Goal of the exercise
Using the listing that follows, return every line with the word "homotopy".

Records for the exercise
------------
(* Let $C$ be endowed with the closed model defined by counting a family $(X_i)_{i\in I}$, let $Y$ be a cofibrant object and $Z$ any object, and let $f,g:Y\to Z$. Then $f$ and $g$ are right homotopic if and only if $f=g$.
   Context: $C$ has all small limits and colimits, initial object $\emptyset$; the closed model defined by counting $(X_i)_{i\in I}$ (a set-indexed family, with the maps $\emptyset\to X_i$ and the folding maps $X_i+X_i\to X_i$ permitting the small object argument) has as weak equivalences the morphisms $f:X\to X'$ such that $h\mapsto f\circ h$ is bijective $\mathrm{Hom}_C(X_i,X)\to\mathrm{Hom}_C(X_i,X')$ for every $i$, as fibrations all morphisms, and as cofibrations the morphisms with the left lifting property with respect to all weak equivalences. $Y$ is cofibrant if $\emptyset\to Y$ is a cofibration. A path object for $Z$ is an object $Z^I$ with a weak equivalence $i_Z:Z\to Z^I$ and a morphism $p_Z:Z^I\to Z\times Z$ with $p_Z\circ i_Z=(\mathrm{id}_Z,\mathrm{id}_Z)$. Two morphisms $f,g:Y\to Z$ are right homotopic if there is a path object $Z^I$ and a morphism $H:Y\to Z^I$ with $p_Z\circ H=(f,g)$. *)

Set Universe Polymorphism.
Set Implicit Arguments.

(* A (locally small) category; equality of morphisms is Leibniz equality. *)
Record Category := {
  Ob :> Type;
  Hom : Ob -> Ob -> Type;
  idm : forall A, Hom A A;
  comp : forall A B D, Hom B D -> Hom A B -> Hom A D;
  comp_assoc : forall A B D E (h : Hom D E) (g : Hom B D) (f : Hom A B),
      comp h (comp g f) = comp (comp h g) f;
  comp_id_l : forall A B (f : Hom A B), comp (idm B) f = f;
  comp_id_r : forall A B (f : Hom A B), comp f (idm A) = f
}.

Arguments Hom {c} _ _.
Arguments idm {c} _.
Arguments comp {c A B D} _ _.

Definition opposite (C : Category) : Category.
Proof.
  refine {| Ob := Ob C; Hom := fun A B => @Hom C B A; idm := @idm C;
            comp := fun A B D (g : @Hom C D B) (f : @Hom C B A) => comp f g |}.
  - intros; symmetry; apply comp_assoc.
  - intros; apply comp_id_r.
  - intros; apply comp_id_l.
Defined.

Record Functor (J C : Category) := {
  fobj :> J -> C;
  fmap : forall a b, @Hom J a b -> @Hom C (fobj a) (fobj b);
  fmap_id : forall a, fmap a a (idm a) = idm (fobj a);
  fmap_comp : forall a b c (g : @Hom J b c) (f : @Hom J a b),
      fmap a c (comp g f) = comp (fmap b c g) (fmap a b f)
}.
Arguments fmap {J C} _ {a b} _.
Arguments fobj {J C} _ _.

Definition is_cone {J C : Category} (D : Functor J C) (L : C)
  (leg : forall j : J, @Hom C L (D j)) : Prop :=
  forall a b (u : @Hom J a b), comp (fmap D u) (leg a) = leg b.

Definition has_limit {J C : Category} (D : Functor J C) : Prop :=
  exists (L : C) (leg : forall j : J, @Hom C L (D j)),
    is_cone D L leg /\
    forall (M : C) (m : forall j : J, @Hom C M (D j)), is_cone D M m ->
      exists u : @Hom C M L,
        (forall j, comp (leg j) u = m j) /\
        forall u' : @Hom C M L, (forall j, comp (leg j) u' = m j) -> u' = u.

(* "small" = index categories living in a strictly smaller universe *)
Definition has_small_limits@{s u v | s < u, s < v +} (C : Category@{u v}) : Prop :=
  forall (J : Category@{s s}) (D : Functor J C), has_limit D.

Definition op_functor {J C : Category} (D : Functor J C)
  : Functor (opposite J) (opposite C).
Proof.
  refine (@Build_Functor (opposite J) (opposite C) (fun j => @fobj J C D j)
            (fun (a b : J) (u : @Hom J b a) => @fmap J C D b a u) _ _).
  - intros; simpl; exact (fmap_id D _).
  - intros; simpl; exact (fmap_comp D _ _ _ _ _).
Defined.

Definition has_colimit {J C : Category} (D : Functor J C) : Prop :=
  has_limit (op_functor D).

Definition has_small_colimits@{s u v | s < u, s < v +} (C : Category@{u v}) : Prop :=
  forall (J : Category@{s s}) (D : Functor J C), has_colimit D.

Definition is_initial {C : Category} (E : C) : Prop :=
  forall A : C, exists f : @Hom C E A, forall g : @Hom C E A, g = f.

Record BinProduct {C : Category} (A B : C) := {
  prod_ob : C;
  pr1 : @Hom C prod_ob A;
  pr2 : @Hom C prod_ob B;
  pairing : forall T : C, @Hom C T A -> @Hom C T B -> @Hom C T prod_ob;
  pairing_pr1 : forall T f g, comp pr1 (pairing T f g) = f;
  pairing_pr2 : forall T f g, comp pr2 (pairing T f g) = g;
  pairing_unique : forall T (h : @Hom C T prod_ob),
      h = pairing T (comp pr1 h) (comp pr2 h)
}.
Arguments prod_ob {C A B} _.
Arguments pr1 {C A B} _.
Arguments pr2 {C A B} _.
Arguments pairing {C A B} _ {T} _ _.

Section Model.
Context {C : Category} (empty : C) (prod : forall A B : C, BinProduct A B)
        {I : Type} (X : I -> C).

Definition weq {A B : C} (f : @Hom C A B) : Prop :=
  forall i : I,
    (forall h h' : @Hom C (X i) A, comp f h = comp f h' -> h = h') /\
    (forall k : @Hom C (X i) B, exists h : @Hom C (X i) A, comp f h = k).

Definition fibration {A B : C} (f : @Hom C A B) : Prop := True.

Definition llp {A B : C} (c : @Hom C A B) {P Q : C} (w : @Hom C P Q) : Prop :=
  forall (a : @Hom C A P) (b : @Hom C B Q), comp w a = comp b c ->
    exists l : @Hom C B P, comp l c = a /\ comp w l = b.

Definition cofibration {A B : C} (c : @Hom C A B) : Prop :=
  forall (P Q : C) (w : @Hom C P Q), weq w -> llp c w.

Definition cofibrant (Y : C) : Prop :=
  forall e : @Hom C empty Y, cofibration e.

Definition path_object (Z ZI : C) (iZ : @Hom C Z ZI)
  (pZ : @Hom C ZI (prod_ob (prod Z Z))) : Prop :=
  weq iZ /\ comp pZ iZ = pairing (prod Z Z) (idm Z) (idm Z).

Definition right_homotopic {Y Z : C} (f g : @Hom C Y Z) : Prop :=
  exists (ZI : C) (iZ : @Hom C Z ZI) (pZ : @Hom C ZI (prod_ob (prod Z Z)))
         (H : @Hom C Y ZI),
    path_object Z ZI iZ pZ /\ comp pZ H = pairing (prod Z Z) f g.

End Model.


(* Let Z --iZ--> ZI --pZ--> Z x Z be a path object and H : Y -> ZI a
   right homotopy from f to g.  Since Y is cofibrant, the map from the initial
   object to Y lifts against the weak equivalence iZ; the square with top
   edge empty -> Z commutes automatically because empty is initial.  So H
   factors as H = iZ o l, and then (f, g) = pZ o iZ o l = (id, id) o l = (l, l),
   whence f = l = g.  Conversely Z itself, with the identity and the diagonal,
   is a path object, and f is a right homotopy from f to f. *)

Lemma initial_hom_unique {C : Category} (E : C) (HE : is_initial E)
  (A : C) (u v : @Hom C E A) : u = v.
Proof.
  destruct (HE A) as [w Hw].
  now rewrite (Hw u), (Hw v).
Qed.

Lemma pairing_comp {C : Category} {A B : C} (P : BinProduct A B)
  {S T : C} (a : @Hom C T A) (b : @Hom C T B) (h : @Hom C S T) :
  comp (pairing P a b) h = pairing P (comp a h) (comp b h).
Proof.
  rewrite (pairing_unique P _ (comp (pairing P a b) h)).
  now rewrite !comp_assoc, pairing_pr1, pairing_pr2.
Qed.

Lemma pairing_inj {C : Category} {A B : C} (P : BinProduct A B)
  {T : C} (a a' : @Hom C T A) (b b' : @Hom C T B) :
  pairing P a b = pairing P a' b' -> a = a' /\ b = b'.
Proof.
  intros E; split.
  - now rewrite <- (pairing_pr1 P T a b), E, pairing_pr1.
  - now rewrite <- (pairing_pr2 P T a b), E, pairing_pr2.
Qed.

Lemma diagonal_comp {C : Category} {A : C} (P : BinProduct A A)
  {T : C} (l : @Hom C T A) :
  comp (pairing P (idm A) (idm A)) l = pairing P l l.
Proof. now rewrite pairing_comp, comp_id_l. Qed.

Section CountingModel.
Context {C : Category} (empty : C) (Hempty : is_initial empty)
        (prod : forall A B : C, BinProduct A B) {I : Type} (X : I -> C).

(* A cofibrant object Y lifts every map Y -> Q along any weak equivalence
   P -> Q: the lifting square under the initial object always commutes. *)
Lemma cofibrant_lift (Y : C) (HY : cofibrant empty X Y)
  {P Q : C} (w : @Hom C P Q) (Hw : weq X w) (b : @Hom C Y Q) :
  exists l : @Hom C Y P, comp w l = b.
Proof.
  destruct (Hempty Y) as [e _].
  destruct (Hempty P) as [a _].
  assert (Hsq : comp w a = comp b e) by apply (initial_hom_unique empty Hempty).
  destruct (HY e P Q w Hw a b Hsq) as [l [_ Hl]].
  now exists l.
Qed.

Lemma weq_idm (Z : C) : weq X (idm Z).
Proof.
  intros i; split.
  - intros h h' E. now rewrite !comp_id_l in E.
  - intros k. exists k. apply comp_id_l.
Qed.

Lemma trivial_path_object (Z : C) :
  path_object prod X Z Z (idm Z) (pairing (prod Z Z) (idm Z) (idm Z)).
Proof. split; [apply weq_idm | apply comp_id_r]. Qed.

End CountingModel.

Theorem proposition3p4 (C : Category)
  (Hlim : has_small_limits C) (Hcolim : has_small_colimits C)
  (empty : C) (Hempty : is_initial empty)
  (prod : forall A B : C, BinProduct A B)
  (I : Type) (X : I -> C)
  (Y Z : C) (HY : cofibrant empty X Y) (f g : @Hom C Y Z) :
  right_homotopic prod X f g <-> f = g.
Proof.
  split.
  - intros [ZI [iZ [pZ [H [[Hw Hdiag] HH]]]]].
    destruct (cofibrant_lift empty Hempty X Y HY iZ Hw H) as [l Hl].
    assert (Hfg : pairing (prod Z Z) f g = pairing (prod Z Z) l l).
    { now rewrite <- HH, <- Hl, comp_assoc, Hdiag, diagonal_comp. }
    destruct (pairing_inj _ _ _ _ _ Hfg) as [-> ->].
    reflexivity.
  - intros <-.
    exists Z, (idm Z), (pairing (prod Z Z) (idm Z) (idm Z)), f.
    split; [apply trivial_path_object | apply diagonal_comp].
Qed.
------------
Solution for this task
   right homotopy from f to g.  Since Y is cofibrant, the map from the initial
   is a path object, and f is a right homotopy from f to f. *)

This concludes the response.